After they had gone, Jim strode off toward the woods. He was astounded to hear Jeff Davis call.

"Boss, you oughtn't go out alone. But if you must go, take a rifle."

Jim did not answer, though he was grateful to Jeff. The cook, then, had perpetrated a hoax on the Diamond. He was not dumb. And it was a sure bet that neither was he slightly deaf, as he had claimed. He would be one on the cowboys, presently. Jim assured himself that he would not betray Jeff. He did not, however, take the latter's advice, but went on into the forest alone and unarmed.

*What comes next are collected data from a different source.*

(* Let $0\le f\le\lfloor n/2\rfloor$ and $d\in\mathcal D_{\nu_f}$. Suppose $d=d's_j$ for some $1\le j\le n-1$ and $d'\in\mathfrak S_n$ with $\ell(d)=\ell(d')+1$. Then $d'\in\mathcal D_{\nu_f}$.
   Context: $\mathfrak S_n$ acts on $\{1,\dots,n\}$ on the right: $(a)(\sigma\tau)=((a)\sigma)\tau$; $s_j=(j,j+1)$ and $\ell$ is the Coxeter length. For $0\le f\le\lfloor n/2\rfloor$ let $\nu_f=((2^f),(n-2f))$, a bipartition of $n$ (first component $f$ rows of length $2$, second component one row of length $n-2f$), and let $\mathfrak t^{\nu_f}$ be the bitableau with $1,\dots,n$ entered in order along successive rows of the first component and then along the row of the second component. For $d\in\mathfrak S_n$, $\mathfrak t^{\nu_f}d$ is obtained by replacing each entry $a$ by $(a)d$. $\mathcal D_{\nu_f}$ is the set of $d\in\mathfrak S_n$ such that $\mathfrak t^{\nu_f}d$ is row standard (entries increase along each row of each component) and the first column of its first component increases from top to bottom. *)

From mathcomp Require Import all_boot all_order all_fingroup.
Set Implicit Arguments. Unset Strict Implicit. Unset Printing Implicit Defensive.

(* Conventions (0-indexed): the symbol a in {1,...,n} is the ordinal a-1 : 'I_n.
   MathComp permutations compose as (s * t) x = t (s x), i.e. exactly the
   right action (a)(st) = ((a)s)t of the paper; (a)d is written d a. *)

Definition coxeter_length n (s : 'S_n) : nat :=
  #|[set p : 'I_n * 'I_n | (p.1 < p.2) && (s p.2 < s p.1)]|.

(* d \in D_{nu_f}: t^{nu_f} d is row standard and the first column of its first
   component increases.  In t^{nu_f} (0-indexed) row r < f of the first component
   is (2r, 2r+1), and the second component is the row 2f, 2f+1, ..., n-1. *)
Definition in_D_nu n (f : nat) (d : 'S_n) : Prop :=
  [/\
      (forall i j : 'I_n, ~~ odd i -> val j = (val i).+1 -> val j < 2 * f ->
         d i < d j),
      (forall i j : 'I_n, 2 * f <= val i -> val j = (val i).+1 -> d i < d j)
    &
      (forall i j : 'I_n, ~~ odd i -> val j = (val i).+2 -> val j < 2 * f ->
         d i < d j)].

From mathcomp Require Import all_boot all_order all_fingroup.
From mathcomp Require Import zify.

Set Implicit Arguments.
Unset Strict Implicit.
Unset Printing Implicit Defensive.

(* As functions, d' = d followed by the swap of the adjacent values j, j+1.
   That swap keeps the relative order of every pair of positions except the
   pair carrying the values j, j+1; and if d put j before j+1, the swap would
   create a new inversion, so d' would be longer than d, not shorter.  Hence
   d' preserves every non-inversion of d, while all the conditions defining
   D_{nu_f} ask for non-inversions at prescribed pairs of positions. *)

Definition inversions n (s : 'S_n) : {set 'I_n * 'I_n} :=
  [set p : 'I_n * 'I_n | (p.1 < p.2) && (s p.2 < s p.1)].

Lemma coxeter_lengthE n (s : 'S_n) : coxeter_length s = #|inversions s|.
Proof. by []. Qed.

Section AdjacentTransposition.

Variables (n : nat) (j k : 'I_n).
Hypothesis hjk : val k = (val j).+1.

Lemma tperm_adjacent_lt (a b : 'I_n) :
  a < b -> (a, b) != (j, k) -> tperm j k a < tperm j k b.
Proof.
move: hjk; rewrite xpair_eqE !permE /= -!(inj_eq val_inj) /=.
by do !case: eqP; lia.
Qed.

Lemma inversions_proper_mul_tperm (s : 'S_n) (x y : 'I_n) :
  x < y -> s x = j -> s y = k -> inversions s \proper inversions (s * tperm j k)%g.
Proof.
move=> ltxy sxj syk; apply/properP; split.
  apply/subsetP => -[a b]; rewrite !inE /= !permM => /andP[ltab lt_sba].
  rewrite ltab /=.
  apply: tperm_adjacent_lt => //; apply: contraTneq ltab => -[sbj sak].
  rewrite -sxj -syk in sbj sak.
  by rewrite (perm_inj sbj) (perm_inj sak) -leqNgt ltnW.
exists (x, y); rewrite !inE /= ltxy ?permM sxj syk ?tpermL ?tpermR /=.
  by rewrite hjk.
by rewrite -leqNgt hjk.
Qed.

Lemma mul_tperm_lt (s : 'S_n) (x y : 'I_n) :
  coxeter_length (s * tperm j k)%g <= coxeter_length s ->
  x < y -> s x < s y -> (s * tperm j k)%g x < (s * tperm j k)%g y.
Proof.
move=> len_le ltxy ltsxy; rewrite !permM tperm_adjacent_lt // xpair_eqE.
apply/negP => /andP[/eqP sxj /eqP syk].
have := proper_card (inversions_proper_mul_tperm ltxy sxj syk).
by rewrite -!coxeter_lengthE ltnNge len_le.
Qed.

End AdjacentTransposition.

Lemma in_D_nu_lt_preserving n f (d d' : 'S_n) :
  (forall x y : 'I_n, x < y -> d x < d y -> d' x < d' y) ->
  in_D_nu f d -> in_D_nu f d'.
Proof.
move=> lt_pres [rows_fst row_snd col_fst].
split=> i i' ? e_i' *; apply: lt_pres; rewrite ?e_i' //.
- exact: rows_fst.
- exact: row_snd.
- exact: col_fst.
Qed.

Theorem lemma5p2 (n f : nat) (hf : f <= n./2) (d d' : 'S_n) (j k : 'I_n)
    (hjk : val k = (val j).+1) :
  in_D_nu f d ->
  d = (d' * tperm j k)%g ->
  coxeter_length d = (coxeter_length d').+1 ->
  in_D_nu f d'.
Proof.
move=> d_in def_d len_d.
have def_d' : d' = (d * tperm j k)%g by rewrite def_d -mulgA tperm2 mulg1.
apply: in_D_nu_lt_preserving d_in => x y; rewrite def_d'.
by apply: mul_tperm_lt; rewrite // -def_d' len_d.
Qed.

He was beginning to feel a strange solace or help or something in the deep solitude of the woodland. It was early summer now. The ferns and wild flowers were springing up along the brown aisles. His step made not the slightest noise. He saw squirrels and birds, and, once, gray vanishing forms that might have been deer. Huge cliffs festooned with moss and vines, from which dripped water, arrested him in his walk. There was a pleasant, low sough of wind in the tree-tops, if anything could have spurred his flagging spirits, the sweetness and loneliness of this forest would have done so. But he guessed he was about beaten. And that confession, gaining audible admission into his consciousness, could not be dislodged.

The afternoon passed, and he returned to camp, there to cat supper in silence, without appearing to remember that the cook bad spoken to him.

He slept well, but in the morning the old bitterness and hopelessness assailed him again. An impulse to ride to town seized him, and straightway he acted upon it. He did not quite acknowledge to himself that this was a signal of defeat, but it would probably come out when he faced his uncle. He reached home about noon, to ascertain that his uncle was at the fair. Jim rode out there, and walked his horse. What a vacillating jackass he was! It would hurt Uncle Jim to find him a quitter. Ought he not to try again? Weary and distressed, he entered the fairground; and espying a gaily decorated booth advertising lunch, he dismounted and approached the counter. He gave an order to a girl behind.

When he was about through he happened to look up to see a pair of gold-brown eyes upon him.

And they wrenched out of him the query, "What would you do if you were about licked?"

It was when the girl had finally said, "I'd get up an' fight some more!" that Jim really looked at her with seeing eyes. If her spirited reply had stirred him, what more did the toss of her pretty dark head, with its glints of gold. She was a little girl, very young, and she wore a dainty blue dress. Still, there were contours under it that betrayed womanhood.